• WHAT TO DO
Copy out exactly the lines below that run from the one holding "Theorem corollary4p8 (F" to the one holding "(forall X Y Z W, omega_p", keeping both of those lines and no others.

Collected data entries
(* Let $(\mathfrak h\oplus\mathfrak h^*,[\cdot,\cdot],[\![\cdot,\cdot,\cdot]\!];\omega_p)$ be a phase space of a Lie-Yamaguti algebra $(\mathfrak h,[\cdot,\cdot]_{\mathfrak h},[\![\cdot,\cdot,\cdot]\!]_{\mathfrak h})$, and let $(\mathfrak h\oplus\mathfrak h^*,*,\{\cdot,\cdot,\cdot\})$ be its compatible pre-Lie-Yamaguti algebra, defined by $\omega_p(X*Y,Z)=-\omega_p(Y,[X,Z])$ and $\omega_p(\{X,Y,Z\},W)=\omega_p(X,[\![W,Z,Y]\!])$ for $X,Y,Z,W\in\mathfrak h\oplus\mathfrak h^*$. Then both $\mathfrak h$ and $\mathfrak h^*$ are closed under $*$ and $\{\cdot,\cdot,\cdot\}$, i.e. $(\mathfrak h,*|_{\mathfrak h},\{\cdot,\cdot,\cdot\}|_{\mathfrak h})$ and $(\mathfrak h^*,*|_{\mathfrak h^*},\{\cdot,\cdot,\cdot\}|_{\mathfrak h^*})$ are subalgebras of the pre-Lie-Yamaguti algebra $(\mathfrak h\oplus\mathfrak h^*,*,\{\cdot,\cdot,\cdot\})$.
   Context: All vector spaces are over a field of characteristic $0$ and finite-dimensional. A Lie-Yamaguti algebra is a vector space $\mathfrak g$ with a bilinear skew-symmetric $[\cdot,\cdot]$ and a trilinear $[\![\cdot,\cdot,\cdot]\!]$ skew-symmetric in its first two arguments such that for all $x,y,z,w,t$: (1) $[[x,y],z]+[[y,z],x]+[[z,x],y]+[\![x,y,z]\!]+[\![y,z,x]\!]+[\![z,x,y]\!]=0$; (2) $[\![[x,y],z,w]\!]+[\![[y,z],x,w]\!]+[\![[z,x],y,w]\!]=0$; (3) $[\![x,y,[z,w]]\!]=[[\![x,y,z]\!],w]+[z,[\![x,y,w]\!]]$; (4) $[\![x,y,[\![z,w,t]\!]]\!]=[\![[\![x,y,z]\!],w,t]\!]+[\![z,[\![x,y,w]\!],t]\!]+[\![z,w,[\![x,y,t]\!]]\!]$. A symplectic structure on it is a nondegenerate skew-symmetric bilinear form $\omega$ with $\omega(x,[y,z])+\omega(y,[z,x])+\omega(z,[x,y])=0$ and $\omega(z,[\![x,y,w]\!])-\omega(x,[\![w,z,y]\!])+\omega(y,[\![w,z,x]\!])-\omega(w,[\![x,y,z]\!])=0$; for a symplectic Lie-Yamaguti algebra, the two displayed formulas define a pre-Lie-Yamaguti algebra structure whose subadjacent Lie-Yamaguti algebra is the given one (its compatible pre-Lie-Yamaguti algebra). On $\mathfrak h\oplus\mathfrak h^*$, $\omega_p(x+\alpha,y+\beta)=\langle\alpha,y\rangle-\langle\beta,x\rangle$. A phase space of $\mathfrak h$ is a Lie-Yamaguti algebra structure on $\mathfrak h\oplus\mathfrak h^*$ for which $\omega_p$ is a symplectic structure and such that $\mathfrak h$ (with its original brackets) and $\mathfrak h^*$ are Lie-Yamaguti subalgebras. A pre-Lie-Yamaguti algebra is a vector space with a bilinear operation $*$ and a trilinear operation $\{\cdot,\cdot,\cdot\}$ satisfying the pre-Lie-Yamaguti axioms; a subalgebra is a subspace closed under both operations. *)

From HB Require Import structures.
From mathcomp Require Import all_boot all_algebra.
Set Implicit Arguments. Unset Strict Implicit. Unset Printing Implicit Defensive.
Import GRing.Theory.
Local Open Scope ring_scope.

Section LY.
Variables (F : fieldType) (V : lmodType F).

Definition LY_multilinear (br : V -> V -> V) (tr : V -> V -> V -> V) : Prop :=
  (forall a x y z, br (a *: x + y) z = a *: br x z + br y z) /\
  (forall a x y z, br z (a *: x + y) = a *: br z x + br z y) /\
  (forall a x y z w, tr (a *: x + y) z w = a *: tr x z w + tr y z w) /\
  (forall a x y z w, tr z (a *: x + y) w = a *: tr z x w + tr z y w) /\
  (forall a x y z w, tr z w (a *: x + y) = a *: tr z w x + tr z w y).

Definition LieYamaguti (br : V -> V -> V) (tr : V -> V -> V -> V) : Prop :=
  LY_multilinear br tr /\
  (forall x y, br x y = - br y x) /\
  (forall x y z, tr x y z = - tr y x z) /\
  [/\
      (forall x y z,
         br (br x y) z + br (br y z) x + br (br z x) y
         + tr x y z + tr y z x + tr z x y = 0),
      (forall x y z w,
         tr (br x y) z w + tr (br y z) x w + tr (br z x) y w = 0),
      (forall x y z w, tr x y (br z w) = br (tr x y z) w + br z (tr x y w)) &
      (forall x y z w t,
         tr x y (tr z w t) = tr (tr x y z) w t + tr z (tr x y w) t
                             + tr z w (tr x y t))].

Definition symplectic (om : V -> V -> F)
    (br : V -> V -> V) (tr : V -> V -> V -> V) : Prop :=
  [/\ (forall a x y z, om (a *: x + y) z = a * om x z + om y z),
      (forall x y, om x y = - om y x),
      (forall x, (forall y, om x y = 0) -> x = 0),
      (forall x y z, om x (br y z) + om y (br z x) + om z (br x y) = 0) &
      (forall x y z w,
         om z (tr x y w) - om x (tr w z y) + om y (tr w z x)
         - om w (tr x y z) = 0)].
End LY.

(* h = F^n (row vectors), h^* = F^n with the standard pairing (dual basis);
   h (+) h^* is the product type 'rV_n * 'rV_n, h = {(x,0)}, h^* = {(0,a)}. *)
Definition pairing (F : fieldType) (n : nat) (a x : 'rV[F]_n) : F :=
  \sum_(i < n) a 0 i * x 0 i.

Definition omega_p (F : fieldType) (n : nat) (X Y : 'rV[F]_n * 'rV[F]_n) : F :=
  pairing X.2 Y.1 - pairing Y.2 X.1.

Definition phase_space (F : fieldType) (n : nat)
    (brh : 'rV[F]_n -> 'rV[F]_n -> 'rV[F]_n)
    (trh : 'rV[F]_n -> 'rV[F]_n -> 'rV[F]_n -> 'rV[F]_n)
    (br : 'rV[F]_n * 'rV[F]_n -> 'rV[F]_n * 'rV[F]_n -> 'rV[F]_n * 'rV[F]_n)
    (tr : 'rV[F]_n * 'rV[F]_n -> 'rV[F]_n * 'rV[F]_n -> 'rV[F]_n * 'rV[F]_n
          -> 'rV[F]_n * 'rV[F]_n) : Prop :=
  LieYamaguti br tr /\
  symplectic (@omega_p F n) br tr /\
  [/\
      (forall x y, br (x, 0) (y, 0) = (brh x y, 0)),
      (forall x y z, tr (x, 0) (y, 0) (z, 0) = (trh x y z, 0)),
      (forall a b, (br (0, a) (0, b)).1 = 0) &
      (forall a b c, (tr (0, a) (0, b) (0, c)).1 = 0)].

From mathcomp Require Import all_boot all_algebra.
Local Open Scope ring_scope.
Import GRing.Theory.
Set Implicit Arguments.
Unset Strict Implicit.

(* Both h and h^* are Lagrangian for omega_p (each is its own
   omega_p-orthogonal) and closed under both brackets.  Since * and {,,} are
   omega_p-adjoint to the brackets, omega_p (X * Y) Z with X, Y, Z in a
   Lagrangian subalgebra L is a pairing of two elements of L, hence 0; so
   X * Y lies in the orthogonal of L, which is L itself. *)

Definition lagrangian (R : zmodType) (V : Type) (om : V -> V -> R)
    (L : V -> Prop) : Prop :=
  forall U, L U <-> (forall Z, L Z -> om U Z = 0).

Section LagrangianSubalgebra.
Variables (R : zmodType) (V : Type) (om : V -> V -> R).
Variables (br mul : V -> V -> V) (tr trp : V -> V -> V -> V).
Hypothesis mul_adjoint : forall X Y Z, om (mul X Y) Z = - om Y (br X Z).
Hypothesis trp_adjoint : forall X Y Z W, om (trp X Y Z) W = om X (tr W Z Y).
Variable L : V -> Prop.
Hypothesis L_lagrangian : lagrangian om L.

Lemma lagrangian_mul_closed :
  (forall X Z, L X -> L Z -> L (br X Z)) ->
  forall X Y, L X -> L Y -> L (mul X Y).
Proof.
move=> brL X Y LX LY; apply/L_lagrangian => Z LZ.
by rewrite mul_adjoint (proj1 (L_lagrangian Y) LY) ?oppr0 //; apply: brL.
Qed.

Lemma lagrangian_trp_closed :
  (forall X Y Z, L X -> L Y -> L Z -> L (tr X Y Z)) ->
  forall X Y Z, L X -> L Y -> L Z -> L (trp X Y Z).
Proof.
move=> trL X Y Z LX LY LZ; apply/L_lagrangian => W LW.
by rewrite trp_adjoint (proj1 (L_lagrangian X) LX) //; apply: trL.
Qed.

End LagrangianSubalgebra.

Section Pairing.
Variables (F : fieldType) (n : nat).
Implicit Types a x : 'rV[F]_n.

Lemma pairing0l x : pairing 0 x = 0.
Proof. by rewrite /pairing big1 // => i _; rewrite mxE mul0r. Qed.

Lemma pairing0r a : pairing a 0 = 0.
Proof. by rewrite /pairing big1 // => i _; rewrite mxE mulr0. Qed.

Lemma pairingC a x : pairing a x = pairing x a.
Proof. by apply: eq_bigr => i _; rewrite mulrC. Qed.

Lemma pairing_delta a i : pairing a (delta_mx 0 i) = a 0 i.
Proof.
rewrite /pairing (bigD1 i) //= big1 ?addr0; first by rewrite mxE !eqxx mulr1.
by move=> j /negbTE ji; rewrite mxE ji andbF mulr0.
Qed.

Lemma pairing_nondeg a : (forall x, pairing a x = 0) -> a = 0.
Proof. by move=> a0; apply/rowP => i; rewrite mxE -pairing_delta a0. Qed.

Lemma omega_p_lagrangian_h : lagrangian (@omega_p F n) (fun U => U.2 = 0).
Proof.
move=> [x a] /=; split=> [-> [z b] /= -> | isoU].
  by rewrite /omega_p /= !pairing0l subr0.
apply: pairing_nondeg => z; have := isoU (z, 0) erefl.
by rewrite /omega_p /= pairing0l subr0.
Qed.

Lemma omega_p_lagrangian_hdual :
  lagrangian (@omega_p F n) (fun U => U.1 = 0).
Proof.
move=> [x a] /=; split=> [-> [z b] /= -> | isoU].
  by rewrite /omega_p /= !pairing0r subr0.
apply: pairing_nondeg => c; have /eqP := isoU (0, c) erefl.
by rewrite /omega_p /= pairing0r sub0r oppr_eq0 pairingC => /eqP.
Qed.

End Pairing.

Section PhaseSpace.
Variables (F : fieldType) (n : nat).
Variables (brh : 'rV[F]_n -> 'rV[F]_n -> 'rV[F]_n)
          (trh : 'rV[F]_n -> 'rV[F]_n -> 'rV[F]_n -> 'rV[F]_n).
Variables (br : 'rV[F]_n * 'rV[F]_n -> 'rV[F]_n * 'rV[F]_n -> 'rV[F]_n * 'rV[F]_n)
          (tr : 'rV[F]_n * 'rV[F]_n -> 'rV[F]_n * 'rV[F]_n -> 'rV[F]_n * 'rV[F]_n
                -> 'rV[F]_n * 'rV[F]_n).
Hypothesis phase : phase_space brh trh br tr.

Lemma phase_space_br_h X Z : X.2 = 0 -> Z.2 = 0 -> (br X Z).2 = 0.
Proof.
case: phase => _ [_ [brE _ _ _]].
by case: X => x ? /= ->; case: Z => z ? /= ->; rewrite brE.
Qed.

Lemma phase_space_tr_h X Y Z :
  X.2 = 0 -> Y.2 = 0 -> Z.2 = 0 -> (tr X Y Z).2 = 0.
Proof.
case: phase => _ [_ [_ trE _ _]].
case: X => x ? /= ->; case: Y => y ? /= ->.
by case: Z => z ? /= ->; rewrite trE.
Qed.

Lemma phase_space_br_hdual X Z : X.1 = 0 -> Z.1 = 0 -> (br X Z).1 = 0.
Proof.
case: phase => _ [_ [_ _ brE _]].
by case: X => ? a /= ->; case: Z => ? b /= ->; rewrite brE.
Qed.

Lemma phase_space_tr_hdual X Y Z :
  X.1 = 0 -> Y.1 = 0 -> Z.1 = 0 -> (tr X Y Z).1 = 0.
Proof.
case: phase => _ [_ [_ _ _ trE]].
case: X => ? a /= ->; case: Y => ? b /= ->.
by case: Z => ? c /= ->; rewrite trE.
Qed.

End PhaseSpace.

Theorem corollary4p8 (F : fieldType) (charF0 : [pchar F] =i pred0) (n : nat)
    (brh : 'rV[F]_n -> 'rV[F]_n -> 'rV[F]_n)
    (trh : 'rV[F]_n -> 'rV[F]_n -> 'rV[F]_n -> 'rV[F]_n)
    (br : 'rV[F]_n * 'rV[F]_n -> 'rV[F]_n * 'rV[F]_n -> 'rV[F]_n * 'rV[F]_n)
    (tr : 'rV[F]_n * 'rV[F]_n -> 'rV[F]_n * 'rV[F]_n -> 'rV[F]_n * 'rV[F]_n
          -> 'rV[F]_n * 'rV[F]_n)
    (mul : 'rV[F]_n * 'rV[F]_n -> 'rV[F]_n * 'rV[F]_n -> 'rV[F]_n * 'rV[F]_n)
    (trp : 'rV[F]_n * 'rV[F]_n -> 'rV[F]_n * 'rV[F]_n -> 'rV[F]_n * 'rV[F]_n
           -> 'rV[F]_n * 'rV[F]_n) :
  LieYamaguti brh trh ->
  phase_space brh trh br tr ->
  (forall X Y Z, omega_p (mul X Y) Z = - omega_p Y (br X Z)) ->
  (forall X Y Z W, omega_p (trp X Y Z) W = omega_p X (tr W Z Y)) ->
  (forall x y, (mul (x, 0) (y, 0)).2 = 0) /\
  (forall x y z, (trp (x, 0) (y, 0) (z, 0)).2 = 0) /\
  (forall a b, (mul (0, a) (0, b)).1 = 0) /\
  (forall a b c, (trp (0, a) (0, b) (0, c)).1 = 0).
Proof.
move=> _ phase mulE trpE.
have h_lag := @omega_p_lagrangian_h F n.
have hdual_lag := @omega_p_lagrangian_hdual F n.
split; [|split; [|split]] => [x y | x y z | a b | a b c].
- exact: (lagrangian_mul_closed mulE h_lag (phase_space_br_h phase)).
- exact: (lagrangian_trp_closed trpE h_lag (phase_space_tr_h phase)).
- exact: (lagrangian_mul_closed mulE hdual_lag (phase_space_br_hdual phase)).
- exact: (lagrangian_trp_closed trpE hdual_lag (phase_space_tr_hdual phase)).
Qed.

• ANSWER FOR THIS EXERCISE
Theorem corollary4p8 (F : fieldType) (charF0 : [pchar F] =i pred0) (n : nat)
    (brh : 'rV[F]_n -> 'rV[F]_n -> 'rV[F]_n)
    (trh : 'rV[F]_n -> 'rV[F]_n -> 'rV[F]_n -> 'rV[F]_n)
    (br : 'rV[F]_n * 'rV[F]_n -> 'rV[F]_n * 'rV[F]_n -> 'rV[F]_n * 'rV[F]_n)
    (tr : 'rV[F]_n * 'rV[F]_n -> 'rV[F]_n * 'rV[F]_n -> 'rV[F]_n * 'rV[F]_n
          -> 'rV[F]_n * 'rV[F]_n)
    (mul : 'rV[F]_n * 'rV[F]_n -> 'rV[F]_n * 'rV[F]_n -> 'rV[F]_n * 'rV[F]_n)
    (trp : 'rV[F]_n * 'rV[F]_n -> 'rV[F]_n * 'rV[F]_n -> 'rV[F]_n * 'rV[F]_n
           -> 'rV[F]_n * 'rV[F]_n) :
  LieYamaguti brh trh ->
  phase_space brh trh br tr ->
  (forall X Y Z, omega_p (mul X Y) Z = - omega_p Y (br X Z)) ->
  (forall X Y Z W, omega_p (trp X Y Z) W = omega_p X (tr W Z Y)) ->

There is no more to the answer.